Abstract
Adenomatous colorectal polyps are the precursors of the majority of colorectal cancers. Investigation into the gene expression changes in the progression of colorectal adenoma may offer potential targets for the development of novel diagnostic strategies. Previous gene expression studies have generally been based on a limited number of cases or only focused on a single or a few genes. The present study aimed to identify molecular characteristics of colorectal adenoma through analysis of pathways and gene ontology. The study identified 808 upregulated and 857 downregulated genes. Among the 40 pathways enriched with differentially-expressed genes, the Staphylococcus aureus infection pathway and the intestinal immune network for immunoglobulin A production pathway were identified as the most statistically noteworthy pathways at the early stage for colorectal tumorigenesis (P<0.05). These results provide new understanding of colorectal adenoma pathogenesis, with the hope of offering theoretical support for future therapeutic studies.

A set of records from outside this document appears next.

Lemma adjmxZ m n (c : C) (X : 'M[C]_(m, n)) : adjmx (c *: X) = c^* *: adjmx X.
Proof. by apply/matrixP => i j; rewrite !mxE rmorphM. Qed.

Lemma adjmxM m n p (X : 'M[C]_(m, n)) (Y : 'M[C]_(n, p)) :
  adjmx (X *m Y) = adjmx Y *m adjmx X.
Proof.
apply/matrixP => i j; rewrite !mxE rmorph_sum; apply: eq_bigr => k _.
by rewrite !mxE rmorphM mulrC.
Qed.

Lemma adjmx1 m : adjmx (1%:M : 'M[C]_m) = 1%:M.
Proof. by apply/matrixP => i j; rewrite !mxE rmorph_nat eq_sym. Qed.

Lemma adjmx_tens m n p q (X : 'M[C]_(m, n)) (Y : 'M[C]_(p, q)) :
  adjmx (X *t Y) = adjmx X *t adjmx Y.
Proof. by apply/matrixP => i j; rewrite !mxE rmorphM. Qed.

Lemma mxtrace_adj m (X : 'M[C]_m) : \tr (adjmx X) = (\tr X)^*.
Proof. by rewrite /mxtrace rmorph_sum; apply: eq_bigr => i _; rewrite !mxE. Qed.

Lemma conj_real (x : R) : (x%:C%C : C)^* = x%:C%C.
Proof. exact: conjc_real. Qed.

Lemma hermitian_scale_real m (x : R) (X : 'M[C]_m) :
  is_hermitian X -> is_hermitian (x%:C%C *: X).
Proof. by rewrite /is_hermitian adjmxZ conj_real => ->. Qed.

End Adjoint.

Section PartialTrace.
Variable R : realType.
Local Notation C := R[i].
Variables mA mB : nat.
Implicit Types (Y : 'M[C]_(mA * mB)) (P : 'M[C]_mA) (Q : 'M[C]_mB).

Lemma tensmx11 : (1%:M : 'M[C]_mA) *t (1%:M : 'M[C]_mB) = 1%:M.
Proof.
apply/matrixP => a b; case: (mxtens_indexP a) => i j; case: (mxtens_indexP b) => k l.
rewrite tensmxE !mxE (inj_eq (can_inj (@mxtens_indexK mA mB))) xpair_eqE.
by case: (i == k); case: (j == l); rewrite /= ?mulr1 ?mulr0 ?mul0r.
Qed.

Lemma mxtrace_mul_ptraceB P Y : \tr ((P *t 1%:M) *m Y) = \tr (P *m ptraceB Y).
Proof.
rewrite /mxtrace big_mxtens_index.
under eq_bigr => i _ do under eq_bigr => k _ do rewrite mxE big_mxtens_index.
under [RHS]eq_bigr => i _ do rewrite mxE.
apply: eq_bigr => i _; rewrite exchange_big /=; apply: eq_bigr => j _.
rewrite mxE mulr_sumr; apply: eq_bigr => k _.
rewrite (bigD1 k) //= big1 ?addr0 => [|l /negbTE lk]; rewrite tensmxE mxE.
  by rewrite eqxx mulr1.
by rewrite eq_sym lk mulr0 mul0r.
Qed.

Lemma mxtrace_ptraceB Y : \tr (ptraceB Y) = \tr Y.
Proof. by rewrite -[ptraceB Y]mul1mx -mxtrace_mul_ptraceB tensmx11 mul1mx. Qed.

Lemma ptraceBD Y1 Y2 : ptraceB (Y1 + Y2) = ptraceB Y1 + ptraceB Y2.
Proof.
by apply/matrixP => i j; rewrite !mxE -big_split; apply: eq_bigr => k _; rewrite mxE.
Qed.

Lemma ptraceBZ c Y : ptraceB (c *: Y) = c *: ptraceB Y.
Proof.
by apply/matrixP => i j; rewrite !mxE mulr_sumr; apply: eq_bigr => k _; rewrite mxE.
Qed.

Lemma adjmx_ptraceB Y : adjmx (ptraceB Y) = ptraceB (adjmx Y).
Proof.
by apply/matrixP => i j; rewrite !mxE rmorph_sum; apply: eq_bigr => k _; rewrite !mxE.
Qed.

Lemma mul_1tens_mxE Q Y i k j l :
  ((1%:M *t Q) *m Y) (mxtens_index (i, k)) (mxtens_index (j, l)) =
  \sum_b Q k b * Y (mxtens_index (i, b)) (mxtens_index (j, l)).
Proof.
rewrite mxE big_mxtens_index (bigD1 i) //= [X in _ + X]big1 ?addr0 => [|a /negbTE ai].
  by apply: eq_bigr => b _; rewrite tensmxE mxE eqxx mul1r.
by apply: big1 => b _; rewrite tensmxE mxE eq_sym ai !mul0r.
Qed.

Lemma mul_mx_1tensE Q Y i k j l :
  (Y *m (1%:M *t Q)) (mxtens_index (i, k)) (mxtens_index (j, l)) =
  \sum_b Y (mxtens_index (i, k)) (mxtens_index (j, b)) * Q b l.
Proof.
rewrite mxE big_mxtens_index (bigD1 j) //= [X in _ + X]big1 ?addr0 => [|a /negbTE aj].
  by apply: eq_bigr => b _; rewrite tensmxE mxE eqxx mul1r.
by apply: big1 => b _; rewrite tensmxE mxE aj mul0r mulr0.
Qed.

Lemma mxtrace_mul_ptraceA Q Y : \tr ((1%:M *t Q) *m Y) = \tr (Q *m ptraceA Y).
Proof.
rewrite /mxtrace big_mxtens_index exchange_big /=.
under eq_bigr => k _ do under eq_bigr => i _ do rewrite mul_1tens_mxE.
apply: eq_bigr => k _; rewrite exchange_big /= mxE.
by apply: eq_bigr => b _; rewrite mxE mulr_sumr.
Qed.

Lemma ptraceB_mul_1tensC Q Y :
  ptraceB (Y *m (1%:M *t Q)) = ptraceB ((1%:M *t Q) *m Y).
Proof.
apply/matrixP => i j; rewrite !mxE.
under eq_bigr => k _ do rewrite mul_mx_1tensE.
under [RHS]eq_bigr => k _ do rewrite mul_1tens_mxE.
rewrite [RHS]exchange_big /=; apply: eq_bigr => k _; apply: eq_bigr => b _.
by rewrite mulrC.
Qed.

End PartialTrace.

Section InnerProduct.
Variable R : realType.
Local Notation C := R[i].
Variable m : nat.
Implicit Types X Y Z : 'M[C]_m.

Lemma nipC X Y : nip Y X = (nip X Y)^*.
Proof.
rewrite /nip -[X in _ *m X](adjmxK X) -adjmxM mxtrace_adj.
by rewrite rmorphM fmorphV rmorph_nat.
Qed.

Lemma nipDr X Y Z : nip X (Y + Z) = nip X Y + nip X Z.
Proof. by rewrite /nip mulmxDr mxtraceD mulrDr. Qed.

Lemma nipZr X Y c : nip X (c *: Y) = c * nip X Y.
Proof. by rewrite /nip -scalemxAr mxtraceZ mulrCA. Qed.

Lemma nipBr X Y Z : nip X (Y - Z) = nip X Y - nip X Z.
Proof. by rewrite -scaleN1r nipDr nipZr mulN1r. Qed.

Lemma nipDl X Y Z : nip (Y + Z) X = nip Y X + nip Z X.
Proof. by rewrite nipC nipDr rmorphD /= -!nipC. Qed.

Lemma nipZl X Y c : nip (c *: Y) X = c^* * nip Y X.
Proof. by rewrite nipC nipZr rmorphM /= -nipC. Qed.

Lemma nipBl X Y Z : nip (Y - Z) X = nip Y X - nip Z X.
Proof. by rewrite nipC nipBr rmorphB /= -!nipC. Qed.

Lemma nip0r X : nip X 0 = 0.
Proof. by rewrite /nip mulmx0 linear0 mulr0. Qed.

Keywords: colorectal adenoma, gene expression, pathway, gene ontology
Introduction
Colorectal cancer forms by uncontrolled cell proliferation in the colon, rectum or appendix. Genome-scale analysis has indicated that colon and rectal cancers are genetically the same disease since their patterns of genomic alteration are similar (1). Currently, colorectal cancer is the third leading cause of cancer-related mortality (2). The fact that the mortality rate of this disease has decreased in the past few years is attributable to improved treatment and early diagnosis. However, the 5-year survival rate remains at <60% in Europe (3). A high percentage of patients succumb to colorectal cancer every year. Adenomatous colorectal polyps are the precursors of the majority of colorectal cancers (4). Investigation into the gene expression changes in the progression of colorectal adenoma may offer potential targets for the development of novel diagnostic strategies.
Microarray analysis is a powerful approach to investigate transcriptomic changes that may reflect molecular characteristics underlying the pathogenesis of complex diseases. Distinct gene expression patterns in colorectal adenoma have been proposed in previous gene expression studies (5–8). However, these studies were generally based on a limited number of cases or only focused on a single or a few genes. The majority of proteins function through interactions with other proteins in various biological processes. Therefore, pathway- or biological process-based analysis may provide an improved understanding of the mechanism underlying colorectal adenoma progression.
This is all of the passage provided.